> **About this task**: Although the data below holds other lines too, output only those from the line with "have msec g" up to and including the line with "have nthE (z", exactly as they appear.

> **Data listing**:
Lemma Riter_lincomb n (g1 g2 : n.-tuple R -> R) (a b : R) : tame g1 -> tame g2 ->
  Riter R n (fun x => a * g1 x + b * g2 x) = a * Riter R n g1 + b * Riter R n g2.
Proof.
elim: n g1 g2 => [//|n IH] g1 g2 tg1 tg2 /=.
under eq_Rintegral => t _ do rewrite (IH _ _ (tame_section t tg1) (tame_section t tg2)).
have intZ c (G : R -> R) : mu.-integrable setT (EFin \o G) ->
    mu.-integrable setT (EFin \o (fun t => c * G t)).
  by move=> iG; apply: eq_integrable (integrableZl measurableT c iG).
have [[M1 [K1 g1MK]] [M2 [K2 g2MK]]] := (tg1, tg2).
have [i1 i2] := (integrable_Riter_section g1MK, integrable_Riter_section g2MK).
by rewrite RintegralD ?RintegralZl //; exact: intZ.
Qed.

End Riter_theory.

Section ahlswede_daykin.
Variable R : realType.
Notation mu := (@lebesgue_measure R).

Definition tmax n (x y : n.-tuple R) : n.-tuple R :=
  [tuple Num.max (tnth x i) (tnth y i) | i < n].

Lemma tmax_cons n s t (x y : n.-tuple R) :
  tmax (cons_tuple s x) (cons_tuple t y) = cons_tuple (Num.max s t) (tmax x y).
Proof.
apply: eq_from_tnth => i; case: (unliftP ord0 i) => [j ->|->].
  by rewrite tnth_mktuple !tnthS tnth_mktuple.
by rewrite tnth_mktuple !tnth0.
Qed.

Lemma tmin_cons n s t (x y : n.-tuple R) :
  tmin R n.+1 (cons_tuple s x) (cons_tuple t y) = cons_tuple (Num.min s t) (tmin R n x y).
Proof.
apply: eq_from_tnth => i; case: (unliftP ord0 i) => [j ->|->].
  by rewrite tnth_mktuple !tnthS tnth_mktuple.
by rewrite tnth_mktuple !tnth0.
Qed.

Lemma Riter_cons n (g : n.+1.-tuple R -> R) : tame g ->
  (Riter R n.+1 g)%:E = (\int[mu]_s (Riter R n (fun x => g (cons_tuple s x)))%:E)%E.
Proof.
case=> M [K gMK]; rewrite fineK //.
by have := integrable_fin_num measurableT (integrable_Riter_section gMK).
Qed.

Theorem Riter_ahlswede_daykin n (a b c e : n.-tuple R -> R) :
  tame a -> tame b -> tame c -> tame e ->
  (forall x, 0 <= a x) -> (forall x, 0 <= b x) ->
  (forall x, 0 <= c x) -> (forall x, 0 <= e x) ->
  (forall x y, a x * b y <= c (tmax x y) * e (tmin R n x y)) ->
  Riter R n a * Riter R n b <= Riter R n c * Riter R n e.
Proof.
elim: n a b c e => [|n IH] a b c e ta tb tc te a0 b0 c0 e0 H.
  by have := H [tuple] [tuple]; rewrite [tmax _ _]tuple0 [tmin _ _ _ _]tuple0.
rewrite -lee_fin !EFinM !Riter_cons //.
have msec g : tame g -> measurable_fun setT (fun s => Riter R n (fun x => g (cons_tuple s x))).
  by case=> M [K gMK]; exact: measurable_Riter_section gMK.
apply: ahlswede_daykin_line; try exact: msec; try by move=> s; apply: Riter_ge0.
move=> s t; apply: IH; try exact: tame_section; try by move=> x.
by move=> x y; rewrite -tmax_cons -tmin_cons.
Qed.

End ahlswede_daykin.

Lemma tle_tmaxl (R : realType) n (x y : n.-tuple R) : tle R n x (tmax x y).
Proof. by move=> i; rewrite tnth_mktuple le_max lexx. Qed.

Lemma tle_tmaxr (R : realType) n (x y : n.-tuple R) : tle R n y (tmax x y).
Proof. by move=> i; rewrite tnth_mktuple le_max lexx orbT. Qed.

Lemma mulr_gaps_le_max_min (R : realDomainType) (a b c d : R) : a <= b -> c <= d ->
  (b - a) * (d - c) <= (Num.max b d - Num.max a c) * (Num.min b d - Num.min a c).
Proof.
move=> ab cd; have [ac|ca] := leP a c; have [bd|db] := leP b d.
- by rewrite mulrC.
- have : 0 <= (c - a) * (b - d) by rewrite mulr_ge0 // subr_ge0 // ltW.
  nra.
- have : 0 <= (a - c) * (d - b) by rewrite mulr_ge0 // subr_ge0 // ltW.
  nra.
- by [].
Qed.

Section Omega_lattice.
Variables (R : realType) (N : nat).
Hypothesis N2 : (2 <= N)%N.

Lemma xc_map2 (F : R -> R -> R) (x y : N.-1.-tuple R) k :
  F 0 0 = 0 -> F N%:R N%:R = N%:R ->
  xc R N [tuple F (tnth x i) (tnth y i) | i < N.-1] k = F (xc R N x k) (xc R N y k).
Proof.
move=> F0 FN; rewrite /xc; case: eqP => _ //; case: eqP => _ //.
have [lt|ge] := ltnP k.-1 N.-1; last by rewrite !nth_default ?size_tuple.
have nthE (z : N.-1.-tuple R) : nth 0 z k.-1 = tnth z (Ordinal lt) by rewrite (tnth_nth 0).
by rewrite !nthE tnth_mktuple.
Qed.

Lemma Omega_tmax (x y : N.-1.-tuple R) :
  Omega R N x -> Omega R N y -> Omega R N (tmax x y).
Proof.
move=> hx hy k kN; rewrite !xc_map2 ?maxxx // ge_max !le_max.
by rewrite (hx k kN) (hy k kN) orbT.
Qed.

Lemma Omega_tmin (x y : N.-1.-tuple R) :
  Omega R N x -> Omega R N y -> Omega R N (tmin R N.-1 x y).
Proof.
move=> hx hy k kN; rewrite !xc_map2 ?minxx // le_min !ge_min.
by rewrite (hx k kN) (hy k kN) orbT.
Qed.

Lemma xc0 (x : N.-1.-tuple R) : xc R N x 0 = 0.
Proof. by []. Qed.

Lemma xcN (x : N.-1.-tuple R) : xc R N x N = N%:R.
Proof. by rewrite /xc eqxx gtn_eqF // ltnW. Qed.

Lemma xc_tnth (x : N.-1.-tuple R) (i : 'I_N.-1) : xc R N x i.+1 = tnth x i.
Proof.
have iN : (i.+1 < N)%N by rewrite -ltn_predRL.
by rewrite /xc /= (ltn_eqF iN) (tnth_nth 0).
Qed.

Lemma Omega_xc_le (x : N.-1.-tuple R) j k :
  Omega R N x -> (j <= k <= N)%N -> xc R N x j <= xc R N x k.
Proof.
move=> hx /andP[]; elim: k => [|k IH]; first by rewrite leqn0 => /eqP ->.
rewrite leq_eqVlt => /predU1P[-> //|jk] kN.
exact: le_trans (IH jk (ltnW kN)) (hx k kN).
Qed.

Lemma Omega_tnth (x : N.-1.-tuple R) i : Omega R N x -> 0 <= tnth x i <= N%:R.
Proof.
move=> hx; have iN : (i.+1 <= N)%N by rewrite ltnW // -ltn_predRL.
rewrite -xc_tnth -(xc0 x) -(xcN x).
by rewrite !Omega_xc_le // ?iN // leqnn andbT.
Qed.

Lemma Omega_nseq (c : R) : 0 <= c <= N%:R -> Omega R N [tuple of nseq N.-1 c].
Proof.
move=> /andP[c0 cN] k kN; rewrite /xc !nth_nseq (ltn_eqF kN) /=.
by repeat case: ifP => ? //=; lra || lia.
Qed.

Lemma dens_mtp2 (alpha : R) (x y : N.-1.-tuple R) :
  1 <= alpha -> Omega R N x -> Omega R N y ->
  dens R N alpha x * dens R N alpha y <=
  dens R N alpha (tmax x y) * dens R N alpha (tmin R N.-1 x y).
Proof.
move=> a1 hx hy; rewrite /dens -!big_split /=.
rewrite [X in X <= _]big_nat_cond [X in _ <= X]big_nat_cond.
apply: ler_prod => i; rewrite andbT => /andP[i1 iN]; rewrite mulr_ge0 ?powR_ge0 //=.
case: i i1 iN => // k _; rewrite ltnS => kN.
have := hx k kN; have := hy k kN.
rewrite !xc_map2 ?maxxx ?minxx //.
set a := xc R N x k; set b := xc R N x k.+1; set c := xc R N y k; set d := xc R N y k.+1.
move=> cd ab.
have le_max_min : Num.max a c <= Num.max b d /\ Num.min a c <= Num.min b d.
  by rewrite ge_max !le_max le_min !ge_min ab cd !orbT.
rewrite -!powRM ?subr_ge0 //; try by case: le_max_min.
apply: ge0_ler_powR; rewrite ?subr_ge0 ?nnegrE ?mulr_ge0 ?subr_ge0 //;
  try by case: le_max_min.
exact: mulr_gaps_le_max_min.
Qed.

End Omega_lattice.

Definition weight (R : realType) (N : nat) (alpha : R) (x : N.-1.-tuple R) :=
  \1_(Omega R N) x * dens R N alpha x.
Arguments weight : clear implicits.

Section weight.
Variables (R : realType) (N : nat) (alpha : R).
Hypotheses (N2 : (2 <= N)%N) (a1 : 1 <= alpha).
Local Notation Om := (Omega R N).

Lemma measurable_xc k : measurable_fun setT (fun x : N.-1.-tuple R => xc R N x k).
Proof.
rewrite /xc; case: eqP => _; first exact: measurable_cst.
case: eqP => _; first exact: measurable_cst.
have [lt|ge] := ltnP k.-1 N.-1.
  under eq_fun do rewrite -(tnth_nth 0 _ (Ordinal lt)).
  exact: measurable_tnth.
under eq_fun do rewrite nth_default ?size_tuple //.
exact: measurable_cst.
Qed.

Lemma measurable_Omega : measurable Om.
Proof.
rewrite (_ : Om = \bigcap_(k in [set k | (k < N)%N])
                    (setT `&` [set x | xc R N x k <= xc R N x k.+1])); last first.
  by apply/seteqP; split => x hx k kN; [split; [|exact: hx] | case: (hx k kN)].
apply: bigcap_measurableType => k _.
by apply: measurable_fun_le => //; exact: measurable_xc.
Qed.

Lemma measurable_dens : measurable_fun setT (dens R N alpha).
Proof.
apply: measurable_prod => i _.
apply: measurableT_comp (measurable_powR _) _.
exact: measurable_funB (measurable_xc _) (measurable_xc _).
Qed.

Lemma dens_ge0 x : 0 <= dens R N alpha x.
Proof. by apply: prodr_ge0 => i _; exact: powR_ge0. Qed.

Lemma dens_le x : Om x -> dens R N alpha x <= (N%:R `^ (alpha - 1)) ^+ N.
Proof.
move=> hx; rewrite /dens.
have -> : (N%:R `^ (alpha - 1)) ^+ N = \prod_(1 <= i < N.+1) N%:R `^ (alpha - 1).
  by rewrite prodr_const_nat subn1.
rewrite big_nat_cond [X in _ <= X]big_nat_cond.
apply: ler_prod => -[//|k]; rewrite andbT => /andP[_]; rewrite ltnS => kN.
rewrite powR_ge0 /=; apply: ge0_ler_powR; rewrite ?nnegrE ?subr_ge0 ?(hx k kN) //.
have x0 : 0 <= xc R N x k by rewrite -(xc0 x); apply: Omega_xc_le => //=; exact: ltnW.
have xN : xc R N x k.+1 <= N%:R.
  by rewrite -(xcN N2 x); apply: Omega_xc_le; rewrite // kN leqnn.
lra.
Qed.

Local Notation weight := (weight R N alpha).

Lemma weight_ge0 x : 0 <= weight x.
Proof. by rewrite mulr_ge0 ?dens_ge0. Qed.

Lemma weight_out x : ~ Om x -> weight x = 0.
Proof. by move=> nx; rewrite /weight indicE memNset // mul0r. Qed.

Lemma weight_in x : Om x -> weight x = dens R N alpha x.
Proof. by move=> Ox; rewrite /weight indicE mem_set // mul1r. Qed.

Lemma weight_mtp2 x y :
  weight x * weight y <= weight (tmax x y) * weight (tmin R N.-1 x y).
Proof.
have [[Ox Oy]|] := pselect (Om x /\ Om y); last first.
  move=> /not_andP nxy; apply: le_trans (mulr_ge0 (weight_ge0 _) (weight_ge0 _)).
  by case: nxy => /weight_out ->; rewrite ?mul0r ?mulr0.
have [OX OY] := (Omega_tmax Ox Oy, Omega_tmin Ox Oy).
by rewrite !weight_in //; exact: dens_mtp2.
Qed.

Lemma tame_weightM (g : N.-1.-tuple R -> R) (G : R) :
  measurable_fun Om g -> (forall x, Om x -> `|g x| <= G) -> tame (fun x => weight x * g x).
Proof.
move=> mg gG; exists ((N%:R `^ (alpha - 1)) ^+ N * `|G|), (N%:R + 1); split.
- by rewrite ltr_wpDl.
- rewrite (_ : (fun x => _) = (fun x => weight x * (g \_ Om) x)); last first.
    apply/funext => x; rewrite patchE; case: ifP => // /negbT nx.
    by rewrite weight_out ?mul0r // => Ox; move: nx; rewrite mem_set.
  apply: measurable_funM; last exact: (measurable_restrictT _ measurable_Omega).1.
  by apply: measurable_funM; [exact: measurable_indic measurable_Omega|exact: measurable_dens].
- move=> x; have [Ox|nx] := pselect (Om x); last first.
    by rewrite weight_out // mul0r normr0 mulr_ge0 ?exprn_ge0 ?powR_ge0.
  rewrite weight_in // normrM ger0_norm ?dens_ge0 //.
  apply: ler_pM; [exact: dens_ge0|exact: normr_ge0|exact: dens_le|].
  exact: le_trans (gG x Ox) (ler_norm G).
- move=> x xK; rewrite weight_out ?mul0r // => Ox; apply: xK => i.
  have /andP[t0 tN] := Omega_tnth N2 i Ox.
  by rewrite ger0_norm // ler_wpDr.
Qed.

> **Reply to the task**:
have msec g : tame g -> measurable_fun setT (fun s => Riter R n (fun x => g (cons_tuple s x))).
  by case=> M [K gMK]; exact: measurable_Riter_section gMK.
apply: ahlswede_daykin_line; try exact: msec; try by move=> s; apply: Riter_ge0.
move=> s t; apply: IH; try exact: tame_section; try by move=> x.
by move=> x y; rewrite -tmax_cons -tmin_cons.
Qed.

End ahlswede_daykin.

Lemma tle_tmaxl (R : realType) n (x y : n.-tuple R) : tle R n x (tmax x y).
Proof. by move=> i; rewrite tnth_mktuple le_max lexx. Qed.

Lemma tle_tmaxr (R : realType) n (x y : n.-tuple R) : tle R n y (tmax x y).
Proof. by move=> i; rewrite tnth_mktuple le_max lexx orbT. Qed.

Lemma mulr_gaps_le_max_min (R : realDomainType) (a b c d : R) : a <= b -> c <= d ->
  (b - a) * (d - c) <= (Num.max b d - Num.max a c) * (Num.min b d - Num.min a c).
Proof.
move=> ab cd; have [ac|ca] := leP a c; have [bd|db] := leP b d.
- by rewrite mulrC.
- have : 0 <= (c - a) * (b - d) by rewrite mulr_ge0 // subr_ge0 // ltW.
  nra.
- have : 0 <= (a - c) * (d - b) by rewrite mulr_ge0 // subr_ge0 // ltW.
  nra.
- by [].
Qed.

Section Omega_lattice.
Variables (R : realType) (N : nat).
Hypothesis N2 : (2 <= N)%N.

Lemma xc_map2 (F : R -> R -> R) (x y : N.-1.-tuple R) k :
  F 0 0 = 0 -> F N%:R N%:R = N%:R ->
  xc R N [tuple F (tnth x i) (tnth y i) | i < N.-1] k = F (xc R N x k) (xc R N y k).
Proof.
move=> F0 FN; rewrite /xc; case: eqP => _ //; case: eqP => _ //.
have [lt|ge] := ltnP k.-1 N.-1; last by rewrite !nth_default ?size_tuple.
have nthE (z : N.-1.-tuple R) : nth 0 z k.-1 = tnth z (Ordinal lt) by rewrite (tnth_nth 0).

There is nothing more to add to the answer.